Towards the Objective Identification of the Presence of Pain Based on Electroencephalography Signals' Analysis: A Proof-of-Concept

Sensors (Basel). 2022 Aug 20;22(16):6272. doi: 10.3390/s22166272.

Abstract

This proof-of-concept study explores the potential of developing objective pain identification based on the analysis of electroencephalography (EEG) signals. Data were collected from participants living with chronic fibromyalgia pain (n = 4) and from healthy volunteers (n = 7) submitted to experimental pain by the application of capsaicin cream (1%) on the right upper trapezius.
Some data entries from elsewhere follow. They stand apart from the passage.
(* Let $\mathcal{D}(\rho)=(1-p)\rho+pX\rho X$ be a bit-flip channel and $\mathcal{E}(\rho)=(1-q)\rho+qZ\rho Z$ a phase-flip channel, $p,q\in[0,1]$. The entanglement-assisted classical communication capacity over a quantum trajectory is $$C_{\text{E,Q}}=2+H(\alpha)+(1-p)(1-q)\log_2[(1-p)(1-q)]+p(1-q)\log_2[p(1-q)]+(1-p)q\log_2[(1-p)q]+pq\log_2(pq),$$ where $\alpha=1-pq$ and $H(\alpha)=-\alpha\log_2\alpha-(1-\alpha)\log_2(1-\alpha)$.
   Context: $X,Y,Z$ are Pauli matrices, $\sigma_0=I,\sigma_1=X,\sigma_2=Y,\sigma_3=Z$, $|\pm\rangle=(|0\rangle\pm|1\rangle)/\sqrt2$, $0\log_2 0=0$. For a Pauli channel $\mathcal{N}(\rho)=\sum_i r_i\sigma_i\rho\sigma_i$, the entanglement-assisted classical capacity (superdense coding, pre-shared EPR pair, equiprobable inputs) is $C_E(\mathcal{N})=2+\sum_i r_i\log_2 r_i$. Quantum trajectory: given Kraus operators $\{D_i\}$ of $\mathcal{D}$ and $\{E_j\}$ of $\mathcal{E}$ (here multiples of Pauli matrices), the switched channel on data $\rho$ and control $\omega=|+\rangle\langle+|$ is $\sum_{i,j}W_{i,j}(\rho\otimes\omega)W_{i,j}^\dagger$ with $W_{i,j}=E_jD_i\otimes|0\rangle\langle0|+D_iE_j\otimes|1\rangle\langle1|$. Its output has the form $p_+\mathcal{S}_+(\rho)\otimes|+\rangle\langle+|+p_-\mathcal{S}_-(\rho)\otimes|-\rangle\langle-|$ (commuting Kraus pairs go to the $|+\rangle$ branch, anticommuting pairs to the $|-\rangle$ branch), with $\mathcal{S}_\pm$ normalized Pauli channels; the capacity is defined as $C_{\text{E,Q}}=p_+C_E(\mathcal{S}_+)+p_-C_E(\mathcal{S}_-)$. *)

From HB Require Import structures.
From mathcomp Require Import all_boot all_order all_algebra.
From mathcomp Require Import complex.
From mathcomp Require Import reals exp.
Set Implicit Arguments. Unset Strict Implicit. Unset Printing Implicit Defensive.
Import Order.TTheory GRing.Theory Num.Theory.
Local Open Scope ring_scope.
Local Open Scope complex_scope.

Section Defs.
Variable R : realType.

Definition xlog2x (x : R) : R := if x == 0 then 0 else x * (ln x / ln 2).

Definition Hbin (a : R) : R := - xlog2x a - xlog2x (1 - a).

(* Pauli matrices sigma_0 = I, sigma_1 = X, sigma_2 = Y, sigma_3 = Z over R[i] *)
Definition pauli (k : 'I_4) : 'M[R[i]]_2 :=
  \matrix_(a < 2, b < 2)
    match val k with
    | 0%N => if a == b then 1 else 0
    | 1%N => if a == b then 0 else 1
    | 2%N => if a == b then 0 else (if val a == 0%N then - 'i else 'i)
    | _ => if a == b then (if val a == 0%N then 1 else -1) else 0
    end.

Definition phase (c : 'I_4) : R[i] := 'i ^+ val c.

(* a Pauli channel N(rho) = sum_k r_k sigma_k rho sigma_k is given by r : 'I_4 -> R *)
Definition CE (r : 'I_4 -> R) : R := 2 + \sum_(k < 4) xlog2x (r k).

(* the Kraus pair (D_i = sqrt(d_i) sigma_i, E_j = sqrt(e_j) sigma_j) commutes *)
Definition kcomm (i j : 'I_4) : bool := pauli i *m pauli j == pauli j *m pauli i.

Definition kprod (k i j : 'I_4) : bool :=
  [exists c : 'I_4, pauli j *m pauli i == phase c *: pauli k].

(* weight of branch b (true = |+>, commuting pairs; false = |->, anticommuting) *)
Definition branch_p (d e : 'I_4 -> R) (b : bool) : R :=
  \sum_(i < 4) \sum_(j < 4 | kcomm i j == b) d i * e j.

Definition branch_S (d e : 'I_4 -> R) (b : bool) (k : 'I_4) : R :=
  (\sum_(i < 4) \sum_(j < 4 | (kcomm i j == b) && kprod k i j) d i * e j)
  / branch_p d e b.

Definition CEQ (d e : 'I_4 -> R) : R :=
  branch_p d e true * CE (branch_S d e true)
  + branch_p d e false * CE (branch_S d e false).

Definition bitflip (p : R) (k : 'I_4) : R :=
  if val k == 0%N then 1 - p else if val k == 1%N then p else 0.
Definition phaseflip (q : R) (k : 'I_4) : R :=
  if val k == 0%N then 1 - q else if val k == 3%N then q else 0.

End Defs.

(* Commuting Kraus pairs (I,I), (I,Z), (X,I) land in the |+> branch, of weight 1 - pq, and the
   anticommuting pair (X,Z), with ZX = iY, in the |-> branch, of weight pq.  By the grouping
   rule of entropy, w C_E(r/w) = 2w + sum_k r_k log2 r_k - w log2 w whenever sum_k r_k = w, so
   the weighted capacities add up to 2 + H(1 - pq) plus the x log2 x terms of all four
   unnormalized Kraus weights. *)
From HB Require Import structures.
From mathcomp Require Import all_boot all_order all_algebra.
From mathcomp Require Import complex.
From mathcomp Require Import reals exp.
From mathcomp Require Import ring lra.
Set Implicit Arguments. Unset Strict Implicit. Unset Printing Implicit Defensive.
Import Order.TTheory GRing.Theory Num.Theory.
Local Open Scope ring_scope.

Local Notation i0 := (@Ordinal 4 0 isT).
Local Notation i1 := (@Ordinal 4 1 isT).
Local Notation i2 := (@Ordinal 4 2 isT).
Local Notation i3 := (@Ordinal 4 3 isT).

Section PauliAlgebra.
Local Open Scope complex_scope.
Variable R : realType.
Notation C := (R[i]).
Notation o0 := (@Ordinal 2 0 isT).
Notation o1 := (@Ordinal 2 1 isT).

Lemma mx2P (A B : 'M[C]_2) :
  A o0 o0 = B o0 o0 -> A o0 o1 = B o0 o1 -> A o1 o0 = B o1 o0 -> A o1 o1 = B o1 o1 ->
  A = B.
Proof.
move=> h00 h01 h10 h11; apply/matrixP => -[[|[|//]] Ha] [[|[|//]] Hb];
  by rewrite (bool_irrelevance Ha isT) (bool_irrelevance Hb isT).
Qed.

Lemma mulmx2E (A B : 'M[C]_2) a b :
  (A *m B) a b = A a o0 * B o0 b + A a o1 * B o1 b.
Proof.
rewrite mxE !big_ord_recl big_ord0 addr0.
by congr (_ * _ + _ * _); congr (_ _ _); apply: val_inj.
Qed.

Lemma mulii : 'i * 'i = -1 :> C. Proof. by rewrite -expr2 sqr_i. Qed.

Lemma muliiA (x : C) : 'i * ('i * x) = - x. Proof. by rewrite mulrA mulii mulN1r. Qed.

Lemma i_neq0 : 'i != 0 :> C.
Proof. by apply: contra_eqN (sqr_i R) => /eqP->; rewrite expr0n eq_sym oppr_eq0 oner_eq0. Qed.

Lemma phase_neq0 c : phase R c != 0.
Proof. exact/expf_neq0/i_neq0. Qed.

Ltac simp_C := rewrite /phase /= ?expr0 ?exprS ?expr0;
  do 2 rewrite ?(mulr0, mul0r, mulr1, mul1r, addr0, add0r, mulrN, mulNr, opprK,
                  muliiA, mulii, oppr0).

Lemma pauli0 : pauli R i0 = 1%:M.
Proof. by apply: mx2P; rewrite !mxE. Qed.

Lemma mul_pauli31 : pauli R i3 *m pauli R i1 = phase R i1 *: pauli R i2.
Proof. by apply: mx2P; rewrite mulmx2E !mxE /=; simp_C. Qed.

(* Up to a nonzero factor this is tr (sigma_k M), for which the Pauli matrices are orthogonal. *)
Definition pauli_coord (k : 'I_4) (M : 'M[C]_2) : C :=
  match val k with
  | 0%N => M o0 o0 + M o1 o1
  | 1%N => M o0 o1 + M o1 o0
  | 2%N => M o0 o1 - M o1 o0
  | _ => M o0 o0 - M o1 o1
  end.

Lemma pauli_coordZ k c M : pauli_coord k (c *: M) = c * pauli_coord k M.
Proof. by case: k => [[|[|[|[|//]]]] Hk]; rewrite /pauli_coord /= !mxE ?mulrBr ?mulrDr. Qed.

Lemma pauli_coord_pauli k k' : (pauli_coord k (pauli R k') != 0) = (k == k').
Proof.
case: k => [[|[|[|[|//]]]] Hk]; case: k' => [[|[|[|[|//]]]] Hk'];
  rewrite /pauli_coord /= !mxE /=; simp_C; rewrite ?subrr ?opprK ?addNr ?eqxx //;
  by rewrite -?opprD -mulr2n ?oppr_eq0 mulrn_eq0 /= ?oner_eq0 ?(negbTE i_neq0).
Qed.

Lemma scale_pauli_inj c c' k k' :
  c != 0 -> c *: pauli R k = c' *: pauli R k' -> k = k'.
Proof.
move=> c0 /(congr1 (pauli_coord k)) /eqP; rewrite !pauli_coordZ.
have [//|nkk'] := eqVneq k k'.
move: (pauli_coord_pauli k k'); rewrite (negbTE nkk') => /negbFE/eqP->.
by rewrite mulr0 mulf_eq0 (negbTE c0) -[_ == 0]negbK pauli_coord_pauli eqxx.
Qed.

Lemma kprod_mul k i j k' c :
  pauli R j *m pauli R i = phase R c *: pauli R k' -> kprod R k i j = (k == k').
Proof.
move=> E; apply/existsP/eqP => [[c' /eqP]|->]; last by exists c; rewrite E.
by rewrite E => /esym /scale_pauli_inj; apply; exact: phase_neq0.
Qed.

Lemma kprod0l k j : kprod R k i0 j = (k == j).
Proof. by apply: (@kprod_mul _ _ _ _ i0); rewrite pauli0 mulmx1 /phase expr0 scale1r. Qed.

Lemma kprod0r k i : kprod R k i i0 = (k == i).
Proof. by apply: (@kprod_mul _ _ _ _ i0); rewrite pauli0 mul1mx /phase expr0 scale1r. Qed.

Lemma kprod13 k : kprod R k i1 i3 = (k == i2).
Proof. exact: kprod_mul mul_pauli31. Qed.

Lemma kcomm0l j : kcomm R i0 j.
Proof. by rewrite /kcomm pauli0 mul1mx mulmx1. Qed.

Lemma kcomm0r i : kcomm R i i0.
Proof. by rewrite /kcomm pauli0 mul1mx mulmx1. Qed.

Lemma kcomm13 : kcomm R i1 i3 = false.
Proof.
apply/negbTE/eqP => /(congr1 (fun M : 'M[C]_2 => M o0 o1)) /eqP.
rewrite !mulmx2E !mxE /=; simp_C.
by rewrite -subr_eq0 -opprD -mulr2n oppr_eq0 mulrn_eq0 oner_eq0.
Qed.

End PauliAlgebra.

Section Entropy.
Variable R : realType.

Lemma xlog2x0 : xlog2x (0 : R) = 0.
Proof. by rewrite /xlog2x eqxx. Qed.

Lemma xlog2xE (x : R) : x != 0 -> xlog2x x = x * (ln x / ln 2).
Proof. by rewrite /xlog2x => /negbTE->. Qed.

Lemma mul_xlog2x_div (w a : R) : 0 < w -> 0 <= a ->
  w * xlog2x (a / w) = xlog2x a - a * (ln w / ln 2).
Proof.
move=> w_gt0; rewrite le0r => /predU1P [->|a_gt0].
  by rewrite mul0r xlog2x0 mulr0 mul0r subr0.
rewrite !xlog2xE ?gt_eqF ?divr_gt0 // ln_div ?posrE //.
by field; rewrite !gt_eqF // ln_gt0 //; lra.
Qed.

Lemma mul_CE_div (w : R) (r : 'I_4 -> R) :
  (forall k, 0 <= r k) -> \sum_(k < 4) r k = w ->
  w * CE (fun k => r k / w) = 2 * w + \sum_(k < 4) xlog2x (r k) - xlog2x w.
Proof.
move=> r_ge0 sum_r; have [w0|w_neq0] := eqVneq w 0.
  have r0 k : r k = 0 :=
    (psumr_eq0P (P := predT) (fun i _ => r_ge0 i)) (etrans sum_r w0) k isT.
  by rewrite w0 xlog2x0 (eq_bigr _ (fun k _ => congr1 _ (r0 k))) xlog2x0 big1 // mul0r mulr0; lra.
have w_gt0 : 0 < w by rewrite lt_def w_neq0 -sum_r sumr_ge0.
rewrite /CE mulrDr mulr_sumr (eq_bigr _ (fun k _ => mul_xlog2x_div w_gt0 (r_ge0 k))).
by rewrite sumrB -mulr_suml sum_r (xlog2xE w_neq0); ring.
Qed.

End Entropy.

Section Trajectory.
Variable R : realType.
Implicit Types (p q : R) (d e : 'I_4 -> R) (b : bool).

Definition branch_num d e b (k : 'I_4) : R :=
  \sum_(i < 4) \sum_(j < 4 | (kcomm R i j == b) && kprod R k i j) d i * e j.

Lemma branch_num_ge0 d e b k :
  (forall i, 0 <= d i) -> (forall j, 0 <= e j) -> 0 <= branch_num d e b k.
Proof. by move=> d_ge0 e_ge0; do 2 apply: sumr_ge0 => ? _; exact: mulr_ge0. Qed.

Lemma CEQ_grouping d e :
  branch_p d e true + branch_p d e false = 1 ->
  (forall b k, 0 <= branch_num d e b k) ->
  (forall b, \sum_(k < 4) branch_num d e b k = branch_p d e b) ->
  CEQ d e = 2 + Hbin (branch_p d e true)
            + \sum_(k < 4) xlog2x (branch_num d e true k)
            + \sum_(k < 4) xlog2x (branch_num d e false k).
Proof.
move=> sum_p num_ge0 sum_num.
rewrite /CEQ !(mul_CE_div (num_ge0 _) (sum_num _)) /Hbin.
have -> : branch_p d e false = 1 - branch_p d e true by lra.
by ring.
Qed.

Lemma bitflip_ge0 p k : 0 <= p <= 1 -> 0 <= bitflip p k.
Proof. by move=> /andP [p_ge0 p_le1]; rewrite /bitflip; repeat case: ifP => _; lra. Qed.

Lemma phaseflip_ge0 q k : 0 <= q <= 1 -> 0 <= phaseflip q k.
Proof. by move=> /andP [q_ge0 q_le1]; rewrite /phaseflip; repeat case: ifP => _; lra. Qed.

Lemma sum_ord4 (F : 'I_4 -> R) : \sum_(k < 4) F k = F i0 + F i1 + F i2 + F i3.
Proof.
rewrite !big_ord_recl big_ord0 addr0 !addrA.
by congr (F _ + F _ + F _ + F _); exact: val_inj.
Qed.

Lemma sum_pairs_XZ (P : 'I_4 -> 'I_4 -> bool) d e :
  d i2 = 0 -> d i3 = 0 -> e i1 = 0 -> e i2 = 0 ->
  \sum_(i < 4) \sum_(j < 4 | P i j) d i * e j =
    (if P i0 i0 then d i0 * e i0 else 0) + (if P i0 i3 then d i0 * e i3 else 0)
  + (if P i1 i0 then d i1 * e i0 else 0) + (if P i1 i3 then d i1 * e i3 else 0).
Proof.
move=> d2 d3 e1 e2; under eq_bigr do rewrite big_mkcond sum_ord4 e1 e2.
by rewrite sum_ord4 d2 d3 !mulr0 !mul0r !if_same !addr0 ?add0r !addrA.
Qed.

Lemma branch_p_bitphase p q b :
  branch_p (bitflip p) (phaseflip q) b = if b then 1 - p * q else p * q.
Proof.
rewrite /branch_p (@sum_pairs_XZ (fun i j => kcomm R i j == b)) //.
by rewrite !kcomm0l !kcomm0r kcomm13 /bitflip /phaseflip /=; case: b => /=; ring.
Qed.

Lemma branch_num_bitphase p q b k :
  branch_num (bitflip p) (phaseflip q) b k =
  if b then
    if k == i0 then (1 - p) * (1 - q) else if k == i1 then p * (1 - q)
    else if k == i3 then (1 - p) * q else 0
  else if k == i2 then p * q else 0.
Proof.
rewrite /branch_num (@sum_pairs_XZ (fun i j => (kcomm R i j == b) && kprod R k i j)) //.
rewrite !kcomm0l !kcomm0r kcomm13 !kprod0l !kprod0r kprod13 /bitflip /phaseflip /=.
by case: b; case: k => [[|[|[|[|//]]]] Hk] /=; ring.
Qed.

End Trajectory.

Theorem corollary2 (R : realType) (p q : R) :
  0 <= p <= 1 -> 0 <= q <= 1 ->
  let alpha := 1 - p * q in
  CEQ (bitflip p) (phaseflip q) =
    2 + Hbin alpha
      + xlog2x ((1 - p) * (1 - q)) + xlog2x (p * (1 - q))
      + xlog2x ((1 - p) * q) + xlog2x (p * q).
Proof.
move=> p01 q01 alpha.
rewrite CEQ_grouping.
- rewrite !sum_ord4 !branch_num_bitphase branch_p_bitphase /= !xlog2x0 /alpha.
  by ring.
- by rewrite !branch_p_bitphase; ring.
- by move=> b k; apply: branch_num_ge0 => ?; [exact: bitflip_ge0 | exact: phaseflip_ge0].
- move=> b; rewrite sum_ord4 !branch_num_bitphase branch_p_bitphase.
  by case: b => /=; ring.
Qed.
This data collection was conducted in two parts: (1) baseline measures including pain intensity and EEG signals, with the participant at rest; (2) active measures collected under the execution of a visuo-motor task, including EEG signals and the task performance index. The main measure for the objective identification of the presence of pain was the coefficient of variation of the upper envelope (CVUE) of the EEG signal from left fronto-central (FC5) and left temporal (T7) electrodes, in alpha (8-12 Hz), beta (12-30 Hz) and gamma (30-43 Hz) frequency bands. The task performance index was also calculated. CVUE (%) was compared between groups: those with chronic fibromyalgia pain, healthy volunteers with "No pain" and healthy volunteers with experimentally-induced pain. The identification of the presence of pain was determined by an increased CVUE in beta (CVUEβ) from the EEG signals captured at the left FC5 electrode. More specifically, CVUEβ increased up to 20% in the pain condition at rest. In addition, no correlation was found between CVUEβ and pain intensity or the task performance index. These results support the objective identification of the presence of pain based on the quantification of the coefficient of variation of the upper envelope of the EEG signal.

Keywords: EEG signal; beta EEG frequency band; coefficient of variation of the upper envelope (CVUE); pain.

MeSH terms

  • Electrodes
  • Electroencephalography / methods
  • Fibromyalgia* / diagnosis
  • Humans
  • Pain / diagnosis
  • Task Performance and Analysis

Grants and funding

This research was supported by l’Université du Québec à Chicoutimi (UQAC).